• _Exercise_: The whole of the data is to be returned without a single change.

• _Excerpted data_:
>>
(* At x in X_psi, F2L (grad psi x) is exactly the denominator F2 (<x, grad psi x> - psi x),
   so the integrand of V reduces to the constant multiple h(c) F1 (psi x). *)
Lemma Vorlicz_normalize_legendre_comp :
  Vorlicz h F1 F2 psi (normalize psi F2L) = bound.
Proof.
set I := fine (IF F2 (legendre psi)).
have I_gt0 : 0 < I by apply: fine_gt0; rewrite I2_gt0 I2_lty.
have c_gt0 : 0 < cst_n R n / I by rewrite divr_gt0 // cst_n_gt0.
rewrite muleC /IF /Iint /lebint_on /Vorlicz /lebint_on -lebintZl; last 2 first.
- exact: h_gt0.
- by move=> y; case: ifP => _ //; rewrite lee_fin ltW.
congr lebint; apply/funext => x; case: ifP => [|_]; last by rewrite mule0.
rewrite inE => Xx; rewrite /normalize legendre_grad //= -EFinM -/I.
by rewrite mulrAC mulfK ?gt_eqF.
Qed.

Lemma bound_in_orlicz_values (C : set (V -> R)) :
  C F2L -> orlicz_values h F1 F2 psi C bound.
Proof. by move=> CF2L; exists F2L => //; exact: Vorlicz_normalize_legendre_comp. Qed.

Lemma as_inf_le_bound : (as_inf h F1 F2 psi <= bound)%E.
Proof. by apply: ereal_inf_lbound; exact: (bound_in_orlicz_values Fplus_legendre_comp). Qed.

Lemma bound_le_as_sup : (bound <= as_sup h F1 F2 psi)%E.
Proof. by apply: ereal_sup_ubound; exact: (bound_in_orlicz_values Fplus_legendre_comp). Qed.

Hypothesis lc_F2L : log_concave_on (Xset (legendre psi)) F2L.
(* For all positive integers $n$: $|X_n|<\frac{C_1}{\lambda^{n/2}}$, $|Y_n|<\frac{C_1}{\lambda^{n/2}}$, $|Z_n|<\frac{2|\theta|}{\sqrt{3\theta^2-4p}}\cdot\frac{1}{\lambda^{n/2}}\le\frac{\sqrt2 C_1}{\lambda^{n/2}}$, and $|\lambda^n-(3\theta^2-p)c_n|<\frac{(1+\sqrt2)C_1}{\lambda^{n/2}}$.
   Context: Standing setup: $p,q\in\mathbb{Z}$ are such that $x^3-px-q$ is irreducible over $\mathbb{Q}$ with exactly one real root $\theta$ (one has $3\theta^2-4p>0$ and $3\theta^2-p>0$). $K=\mathbb{Q}(\theta)\subset\mathbb{R}$, $\mathcal{O}_K$ its ring of integers. $d$ is a positive integer with $\mathcal{O}_K\subseteq\frac1d\mathbb{Z}[\theta]$. $\lambda\in\mathcal{O}_K$ is a unit with $\lambda>1$. For $n\ge1$ the rationals $a_n,b_n,c_n$ are defined by $a_n+b_n\theta+c_n\theta^2=\lambda^n$, and $X_n=a_n+pc_n-b_n\theta$, $Y_n=a_n+pc_n-c_n\theta^2$, $Z_n=b_n\theta-c_n\theta^2$, $k_n=dc_n$. Constants: $C_1=\max\{\sqrt2,\ \frac{\sqrt2|\theta|}{\sqrt{3\theta^2-4p}}\}$, $C_2=\frac{\sqrt d}{\sqrt{3\theta^2-p}}$. *)

(* the real numbers are an arbitrary real closed field R. *)
From HB Require Import structures.
From mathcomp Require Import all_boot all_order all_algebra.
Set Implicit Arguments. Unset Strict Implicit. Unset Printing Implicit Defensive.
Import Order.TTheory GRing.Theory Num.Theory.
Local Open Scope ring_scope.

Definition cubicQ (p q : int) : {poly rat} :=
  'X^3 - (p%:~R) *: 'X - (q%:~R)%:P.

(* x lies in K = Q(theta) (theta algebraic, so Q(theta) = Q[theta]). *)
Definition inK (R : fieldType) (theta x : R) : Prop :=
  exists f : {poly rat}, x = (map_poly ratr f).[theta].

Definition alg_integer (R : fieldType) (x : R) : Prop :=
  exists P : {poly int}, P \is monic /\ root (map_poly intr P) x.

Definition inOK (R : fieldType) (theta x : R) : Prop :=
  inK theta x /\ alg_integer x.

Definition unitOK (R : fieldType) (theta x : R) : Prop :=
  inOK theta x /\ inOK theta x^-1.

Definition Xn (R : fieldType) (p : int) (theta : R) (a b c : rat) : R :=
  ratr a + p%:~R * ratr c - ratr b * theta.
Definition Yn (R : fieldType) (p : int) (theta : R) (a b c : rat) : R :=
  ratr a + p%:~R * ratr c - ratr c * theta ^+ 2.
Definition Zn (R : fieldType) (theta : R) (b c : rat) : R :=
  ratr b * theta - ratr c * theta ^+ 2.

Definition C1 (R : rcfType) (p : int) (theta : R) : R :=
  Num.max (Num.sqrt 2)
          (Num.sqrt 2 * `|theta| / Num.sqrt (3 * theta ^+ 2 - 4 * p%:~R)).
<<
• _Task result_:
(* At x in X_psi, F2L (grad psi x) is exactly the denominator F2 (<x, grad psi x> - psi x),
   so the integrand of V reduces to the constant multiple h(c) F1 (psi x). *)
Lemma Vorlicz_normalize_legendre_comp :
  Vorlicz h F1 F2 psi (normalize psi F2L) = bound.
Proof.
set I := fine (IF F2 (legendre psi)).
have I_gt0 : 0 < I by apply: fine_gt0; rewrite I2_gt0 I2_lty.
have c_gt0 : 0 < cst_n R n / I by rewrite divr_gt0 // cst_n_gt0.
rewrite muleC /IF /Iint /lebint_on /Vorlicz /lebint_on -lebintZl; last 2 first.
- exact: h_gt0.
- by move=> y; case: ifP => _ //; rewrite lee_fin ltW.
congr lebint; apply/funext => x; case: ifP => [|_]; last by rewrite mule0.
rewrite inE => Xx; rewrite /normalize legendre_grad //= -EFinM -/I.
by rewrite mulrAC mulfK ?gt_eqF.
Qed.

Lemma bound_in_orlicz_values (C : set (V -> R)) :
  C F2L -> orlicz_values h F1 F2 psi C bound.
Proof. by move=> CF2L; exists F2L => //; exact: Vorlicz_normalize_legendre_comp. Qed.

Lemma as_inf_le_bound : (as_inf h F1 F2 psi <= bound)%E.
Proof. by apply: ereal_inf_lbound; exact: (bound_in_orlicz_values Fplus_legendre_comp). Qed.

Lemma bound_le_as_sup : (bound <= as_sup h F1 F2 psi)%E.
Proof. by apply: ereal_sup_ubound; exact: (bound_in_orlicz_values Fplus_legendre_comp). Qed.

Hypothesis lc_F2L : log_concave_on (Xset (legendre psi)) F2L.
(* For all positive integers $n$: $|X_n|<\frac{C_1}{\lambda^{n/2}}$, $|Y_n|<\frac{C_1}{\lambda^{n/2}}$, $|Z_n|<\frac{2|\theta|}{\sqrt{3\theta^2-4p}}\cdot\frac{1}{\lambda^{n/2}}\le\frac{\sqrt2 C_1}{\lambda^{n/2}}$, and $|\lambda^n-(3\theta^2-p)c_n|<\frac{(1+\sqrt2)C_1}{\lambda^{n/2}}$.
   Context: Standing setup: $p,q\in\mathbb{Z}$ are such that $x^3-px-q$ is irreducible over $\mathbb{Q}$ with exactly one real root $\theta$ (one has $3\theta^2-4p>0$ and $3\theta^2-p>0$). $K=\mathbb{Q}(\theta)\subset\mathbb{R}$, $\mathcal{O}_K$ its ring of integers. $d$ is a positive integer with $\mathcal{O}_K\subseteq\frac1d\mathbb{Z}[\theta]$. $\lambda\in\mathcal{O}_K$ is a unit with $\lambda>1$. For $n\ge1$ the rationals $a_n,b_n,c_n$ are defined by $a_n+b_n\theta+c_n\theta^2=\lambda^n$, and $X_n=a_n+pc_n-b_n\theta$, $Y_n=a_n+pc_n-c_n\theta^2$, $Z_n=b_n\theta-c_n\theta^2$, $k_n=dc_n$. Constants: $C_1=\max\{\sqrt2,\ \frac{\sqrt2|\theta|}{\sqrt{3\theta^2-4p}}\}$, $C_2=\frac{\sqrt d}{\sqrt{3\theta^2-p}}$. *)

(* the real numbers are an arbitrary real closed field R. *)
From HB Require Import structures.
From mathcomp Require Import all_boot all_order all_algebra.
Set Implicit Arguments. Unset Strict Implicit. Unset Printing Implicit Defensive.
Import Order.TTheory GRing.Theory Num.Theory.
Local Open Scope ring_scope.

Definition cubicQ (p q : int) : {poly rat} :=
  'X^3 - (p%:~R) *: 'X - (q%:~R)%:P.

(* x lies in K = Q(theta) (theta algebraic, so Q(theta) = Q[theta]). *)
Definition inK (R : fieldType) (theta x : R) : Prop :=
  exists f : {poly rat}, x = (map_poly ratr f).[theta].

Definition alg_integer (R : fieldType) (x : R) : Prop :=
  exists P : {poly int}, P \is monic /\ root (map_poly intr P) x.

Definition inOK (R : fieldType) (theta x : R) : Prop :=
  inK theta x /\ alg_integer x.

Definition unitOK (R : fieldType) (theta x : R) : Prop :=
  inOK theta x /\ inOK theta x^-1.

Definition Xn (R : fieldType) (p : int) (theta : R) (a b c : rat) : R :=
  ratr a + p%:~R * ratr c - ratr b * theta.
Definition Yn (R : fieldType) (p : int) (theta : R) (a b c : rat) : R :=
  ratr a + p%:~R * ratr c - ratr c * theta ^+ 2.
Definition Zn (R : fieldType) (theta : R) (b c : rat) : R :=
  ratr b * theta - ratr c * theta ^+ 2.

Definition C1 (R : rcfType) (p : int) (theta : R) : R :=
  Num.max (Num.sqrt 2)
          (Num.sqrt 2 * `|theta| / Num.sqrt (3 * theta ^+ 2 - 4 * p%:~R)).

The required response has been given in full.